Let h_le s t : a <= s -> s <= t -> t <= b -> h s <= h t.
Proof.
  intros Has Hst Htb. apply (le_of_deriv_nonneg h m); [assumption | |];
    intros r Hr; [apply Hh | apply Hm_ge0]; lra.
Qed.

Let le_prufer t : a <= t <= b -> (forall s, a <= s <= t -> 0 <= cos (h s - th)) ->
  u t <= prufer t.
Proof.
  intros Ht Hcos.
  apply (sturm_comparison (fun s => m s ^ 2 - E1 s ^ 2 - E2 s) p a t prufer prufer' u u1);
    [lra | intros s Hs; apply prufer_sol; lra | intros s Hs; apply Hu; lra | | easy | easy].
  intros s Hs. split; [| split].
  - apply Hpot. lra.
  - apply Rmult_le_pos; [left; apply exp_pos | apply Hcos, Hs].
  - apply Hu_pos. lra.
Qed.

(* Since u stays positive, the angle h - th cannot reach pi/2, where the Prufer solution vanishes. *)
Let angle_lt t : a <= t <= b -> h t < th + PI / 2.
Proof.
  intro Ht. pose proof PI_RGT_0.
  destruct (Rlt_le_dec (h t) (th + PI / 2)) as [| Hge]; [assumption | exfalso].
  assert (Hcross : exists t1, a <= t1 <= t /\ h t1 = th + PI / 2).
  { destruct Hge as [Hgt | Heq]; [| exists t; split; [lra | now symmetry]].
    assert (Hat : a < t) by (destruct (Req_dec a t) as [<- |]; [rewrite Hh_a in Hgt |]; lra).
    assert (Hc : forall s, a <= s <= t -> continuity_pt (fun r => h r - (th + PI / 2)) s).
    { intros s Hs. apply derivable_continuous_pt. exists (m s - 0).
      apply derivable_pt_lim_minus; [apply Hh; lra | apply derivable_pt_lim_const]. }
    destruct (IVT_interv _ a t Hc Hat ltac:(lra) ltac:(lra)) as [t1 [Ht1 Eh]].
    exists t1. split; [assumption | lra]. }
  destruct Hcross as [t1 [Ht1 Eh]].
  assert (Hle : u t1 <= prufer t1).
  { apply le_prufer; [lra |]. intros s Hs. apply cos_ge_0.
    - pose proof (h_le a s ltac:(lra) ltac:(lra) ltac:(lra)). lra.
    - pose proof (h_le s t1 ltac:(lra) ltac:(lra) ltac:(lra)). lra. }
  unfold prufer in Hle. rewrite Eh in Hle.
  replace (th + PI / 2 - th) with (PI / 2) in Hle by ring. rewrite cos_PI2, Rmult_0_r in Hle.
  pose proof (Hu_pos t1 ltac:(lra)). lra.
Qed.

****************

▸ **BRIEF**
Copy out the entire material verbatim.

▸ **FINAL ANSWER**
Let h_le s t : a <= s -> s <= t -> t <= b -> h s <= h t.
Proof.
  intros Has Hst Htb. apply (le_of_deriv_nonneg h m); [assumption | |];
    intros r Hr; [apply Hh | apply Hm_ge0]; lra.
Qed.

Let le_prufer t : a <= t <= b -> (forall s, a <= s <= t -> 0 <= cos (h s - th)) ->
  u t <= prufer t.
Proof.
  intros Ht Hcos.
  apply (sturm_comparison (fun s => m s ^ 2 - E1 s ^ 2 - E2 s) p a t prufer prufer' u u1);
    [lra | intros s Hs; apply prufer_sol; lra | intros s Hs; apply Hu; lra | | easy | easy].
  intros s Hs. split; [| split].
  - apply Hpot. lra.
  - apply Rmult_le_pos; [left; apply exp_pos | apply Hcos, Hs].
  - apply Hu_pos. lra.
Qed.

(* Since u stays positive, the angle h - th cannot reach pi/2, where the Prufer solution vanishes. *)
Let angle_lt t : a <= t <= b -> h t < th + PI / 2.
Proof.
  intro Ht. pose proof PI_RGT_0.
  destruct (Rlt_le_dec (h t) (th + PI / 2)) as [| Hge]; [assumption | exfalso].
  assert (Hcross : exists t1, a <= t1 <= t /\ h t1 = th + PI / 2).
  { destruct Hge as [Hgt | Heq]; [| exists t; split; [lra | now symmetry]].
    assert (Hat : a < t) by (destruct (Req_dec a t) as [<- |]; [rewrite Hh_a in Hgt |]; lra).
    assert (Hc : forall s, a <= s <= t -> continuity_pt (fun r => h r - (th + PI / 2)) s).
    { intros s Hs. apply derivable_continuous_pt. exists (m s - 0).
      apply derivable_pt_lim_minus; [apply Hh; lra | apply derivable_pt_lim_const]. }
    destruct (IVT_interv _ a t Hc Hat ltac:(lra) ltac:(lra)) as [t1 [Ht1 Eh]].
    exists t1. split; [assumption | lra]. }
  destruct Hcross as [t1 [Ht1 Eh]].
  assert (Hle : u t1 <= prufer t1).
  { apply le_prufer; [lra |]. intros s Hs. apply cos_ge_0.
    - pose proof (h_le a s ltac:(lra) ltac:(lra) ltac:(lra)). lra.
    - pose proof (h_le s t1 ltac:(lra) ltac:(lra) ltac:(lra)). lra. }
  unfold prufer in Hle. rewrite Eh in Hle.
  replace (th + PI / 2 - th) with (PI / 2) in Hle by ring. rewrite cos_PI2, Rmult_0_r in Hle.
  pose proof (Hu_pos t1 ltac:(lra)). lra.
Qed.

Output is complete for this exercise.